- District location in Nakhon Sawan province
- Coordinates: 15°39′28″N 99°28′9″E﻿ / ﻿15.65778°N 99.46917°E
- Country: Thailand
- Province: Nakhon Sawan
- Seat: Mae Poen

Area
- • Total: 260.2 km^{2} (100.5 sq mi)

Population (2005)
- • Total: 19,730
- • Density: 75.83/km^{2} (196.4/sq mi)
- Time zone: UTC+7 (ICT)
- Postal code: 60150
- Geocode: 6014

= Mae Poen district =

Mae Poen (แม่เปิน, /th/) is a district (amphoe) in the western part of Nakhon Sawan province, central Thailand.

==History==
Tambon Mae Poen was separated from Lat Yao district to become a minor district (king amphoe) on 15 July 1996.

On 15 May 2007, all of Thailand's 81 minor districts were upgraded to full districts.
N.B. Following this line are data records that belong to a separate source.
Let depth_le_cone {s} : 0 <= s < 1 -> depth s <= s * k.
Proof.
move=> /andP[s0 s_lt1]; set mu := Num.sqrt (r ^+ 2 - a) - k.
have a0 : 0 <= a := dotn_ge0 _.
have a_lt : 3 * a < r ^+ 2 - a by have := x_near; rewrite -/a; lra.
have mu0 : 0 < mu by rewrite subr_gt0 ltr_sqrt //; lra.
have H1 : 0 < H + 1 by have := H_ge0; lra.
(* The step keeps the concavity increment (s2 - s1) / (1 - s1) * H below mu. *)
apply: (@creeping_induction _ (fun s => depth s <= s * k) s
  ((1 - s) * mu / (2 * (H + 1)))) => //.
- by rewrite divr_gt0 ?mulr_gt0 // subr_gt0.
- by have := depth_le_chord 0; rewrite !mul0r; apply; rewrite lexx ler01.
move=> s1 s2 s1_ge0 s12 s2s step_le depth1.
have s1_lt1 : s1 < 1 by lra.
have s2_01 : 0 <= s2 <= 1 by apply/andP; lra.
apply: depth_cone => //.
have incr_lt : (s2 - s1) / (1 - s1) * H < mu.
  rewrite mulrAC ltr_pdivrMr ?subr_gt0 //.
  move: step_le; rewrite ler_pdivlMr ?mulr_gt0 // => step_le.
  have := H_ge0; nra.
have := depth_concave s1_ge0 s12 (ltW (le_lt_trans s2s s_lt1)) s1_lt1.
have : s1 * k <= k by rewrite ler_piMl //; lra.
rewrite /mu in incr_lt; lra.
Qed.

Let height_le_depth {s} : 0 <= s < 1 ->
  H <= depth s + (1 - s) * `|dotn (x - X0.1) (N (x, t)).1| / (N (x, t)).2.
Proof.
move=> /andP[s0 s1]; have s01 : 0 <= s <= 1 by apply/andP; lra.
have := normal_supporting bX (bdry_sub (top_bdry s01)); rewrite /=.
have -> : along x s - x = - ((1 - s) *: (x - X0.1)).
  by apply/rowP => i; rewrite /along !mxE; ring.
rewrite -scaleNr dotnZl.
set p := dotn (x - X0.1) _; set v := (N (x, t)).2 => supp.
have v0 : 0 < v := nuX.
have p_le : 0 <= (1 - s) * (`|p| - p).
  by rewrite mulr_ge0 ?subr_ge0 ?ler_norm //; lra.
have : slice_top O (along x s) - t <= (1 - s) * `|p| / v.
  by rewrite ler_pdivlMr //; lra.
rewrite /depth /H; lra.
Qed.

Let height_le : H <= k.
Proof.
set C := `|dotn (x - X0.1) (N (x, t)).1| / (N (x, t)).2.
have C0 : 0 <= C by rewrite divr_ge0 // ltW.
apply/ler_addgt0Pr => e e0; set s := C / (C + e).
have Ce : 0 < C + e by lra.
have s01 : 0 <= s < 1.
  apply/andP; split; first exact: divr_ge0 C0 (ltW Ce).
  by rewrite /s ltr_pdivrMr // mul1r; lra.
have s1 : (1 - s) * C = e * s by rewrite /s; field; lra.
have := height_le_depth s01; have := depth_le_cone s01.
have s_le1 : s <= 1 by case/andP: s01 => _ /ltW.
have := ler_piMl k_ge0 s_le1; have := ler_piMr (ltW e0) s_le1.
by rewrite -mulrA -/C s1; lra.
Qed.

Lemma upper_normal_over_ball : Th < (N (x, t)).2.
Proof.
apply: (normal_near_X0 bX); rewrite /pdot /= -/a.
have : H ^+ 2 <= 3 * a.
  by rewrite -[3 * a]sqr_sqrtr ?ler_pXn2r ?nnegrE ?mulr_ge0 ?dotn_ge0 // height_le.
have := x_near; rewrite -/a /H; lra.
Qed.

End Depth.

Lemma r_le_diam : interior O !=set0 -> r <= diam O.
Proof.
move=> [[z tz] /interior_vertical[e e0 eO]].
have Oz : O (z, tz) by apply: eO; rewrite subrr normr0.
have Oz_below : O (z, tz - e / 2).
  by apply: eO; rewrite addrC addKr normrN ger0_norm; lra.
have bot := bdry_slice_bot cO Oz.
have bot_le := slice_bot_le cO Oz_below.
have : (N (z, slice_bot O z)).2 <= 0.
  have := normal_supporting bot Oz; rewrite /= subrr dotnC dotn0r add0r; nra.
have [far|/(normal_near_X0 bot)] := leP (r ^+ 2) (pdot (psub (z, slice_bot O z) X0)
                                                    (psub (z, slice_bot O z) X0)).
  move=> _; apply: le_trans _ (diam_ge_dist cO (bdry_sub bot) (bdry_sub bX0)).
  by apply: sqrtr_ler => //; exact: ltW.
by have := Th_ge; lra.
Qed.

Lemma graph_height_lipschitz {x1 t1 x2 t2} :
  interior O !=set0 -> enorm (x1 - X0.1) < r / 4 ->
  bdry_plus O N X0 (x1, t1) -> bdry_plus O N X0 (x2, t2) ->
  `|t1 - t2| <= 4 * diam O / r * enorm (x1 - x2).
Proof.
move=> int0 x1_near [b1 up1] [b2 up2].
have r_le := r_le_diam int0; have := Th_ge; have := r_gt0 => r0 Th_half.
have up X : 0 < pdot (N X) (N X0) -> 0 < (N X).2.
  by rewrite NX0 /pdot /= dotn0r add0r mulr1.
have := enorm_ge0 (x1 - x2); have := enorm_sqr (x1 - x2).
set e := enorm (x1 - x2) => e_sqr e0.
have [e_small|e_large] := ltP e (r / 4); last first.
  apply: le_trans (_ : diam O <= _).
    apply: le_trans (diam_ge_dist cO (bdry_sub b1) (bdry_sub b2)).
    rewrite /pnorm /pdot /=; apply: sqrtr_ler => //.
    by rewrite real_normK ?num_real // expr2 lerDr dotn_ge0.
  have -> : 4 * diam O / r * e = diam O * (4 * e / r) by ring.
  rewrite ler_peMr ?(le_trans (ltW r0)) //.
  by rewrite ler_pdivlMr // mul1r; lra.
have sq16 u : 0 <= u -> u < r / 4 -> 16 * u ^+ 2 < r ^+ 2 by move=> ? ?; nra.
have := sq16 _ (enorm_ge0 _) x1_near; have := sq16 _ e0 e_small.
rewrite e_sqr enorm_sqr => e_near x1_near2.
have near1 : 4 * dotn (x1 - X0.1) (x1 - X0.1) < r ^+ 2.
  by have := dotn_ge0 (x1 - X0.1); lra.
have near2 : 4 * dotn (x2 - X0.1) (x2 - X0.1) < r ^+ 2.
  have -> : x2 - X0.1 = - (x1 - x2) + (x1 - X0.1) by rewrite opprB addrA subrK.
  by have := dotn_sqrD_le (- (x1 - x2)) (x1 - X0.1); rewrite dotn_sqrN; lra.
have steep1 := upper_normal_over_ball b1 (up _ up1) near1.
have steep2 := upper_normal_over_ball b2 (up _ up2) near2.
have half X : Th < (N X).2 -> 1 / 2 < (N X).2 by lra.
have := steep_bdry_height_le b1 b2 (half _ steep1) (half _ steep2).
rewrite /= -e_sqr => height_sqr.
have : `|t1 - t2| <= 2 * e.
  rewrite -(ler_pXn2r (_ : 2 > 0)%N) ?nnegrE ?mulr_ge0 //.
  by rewrite real_normK ?num_real // exprMn; have := sqr_ge0 e; lra.
move=> /le_trans; apply; apply: (ler_wpM2r e0).
by rewrite ler_pdivlMr //; lra.
Qed.

End NearX0.
End OutwardNormals.

Theorem lemma2p10 (R : realType) (n : nat) (O : set ('rV[R]_n * R)%type)
  (N : ('rV[R]_n * R)%type -> ('rV[R]_n * R)%type) (Theta rT : R)
  (X0 : ('rV[R]_n * R)%type) (beta : 'rV[R]_n -> R) :
  convex_body O ->
  C1_normal_field O N ->
  1 / 2 <= Theta < 1 ->
  0 < rT ->
  omega O N rT < Num.sqrt (2 - 2 * Theta) ->
  bdry O X0 ->
  N X0 = e_last R n ->
  (* dOmega^+(X0) is the graph of beta over Omega_{X0} *)
  (forall x t, bdry_plus O N X0 (x, t) -> t = beta x) ->
  forall x1 x2 : 'rV[R]_n,
    enorm (x1 - X0.1) < rT / 4 ->
    proj_plus O N X0 x1 ->
    proj_plus O N X0 x2 ->
    `|beta x1 - beta x2| <= 4 * diam O / rT * enorm (x1 - x2).
Proof.
move=> [cO convO int0] [normalN _ _] /andP[Th_ge Th_lt] r_gt0 omega_lt bX0 NX0.
move=> graph x1 x2 x1_near [t1 b1] [t2 b2].
rewrite -(graph _ _ b1) -(graph _ _ b2).
exact: (graph_height_lipschitz cO normalN convO Th_ge Th_lt r_gt0 omega_lt bX0 NX0
  int0 x1_near b1 b2).
Qed.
With publication in the Royal Gazette on 24 August, the upgrade became official
.

==Geography==
Neighboring districts are (from the north clockwise): Mae Wong and Chum Ta Bong of Nakhon Sawan Province, Lan Sak and Ban Rai of Uthai Thani province, and Umphang of Tak province.

==Administration==
The district is divided into a single sub-district (tambon), which is further subdivided into 24 villages (mubans). There are no municipal (thesaban) areas, and a single tambon administrative organization (TAO).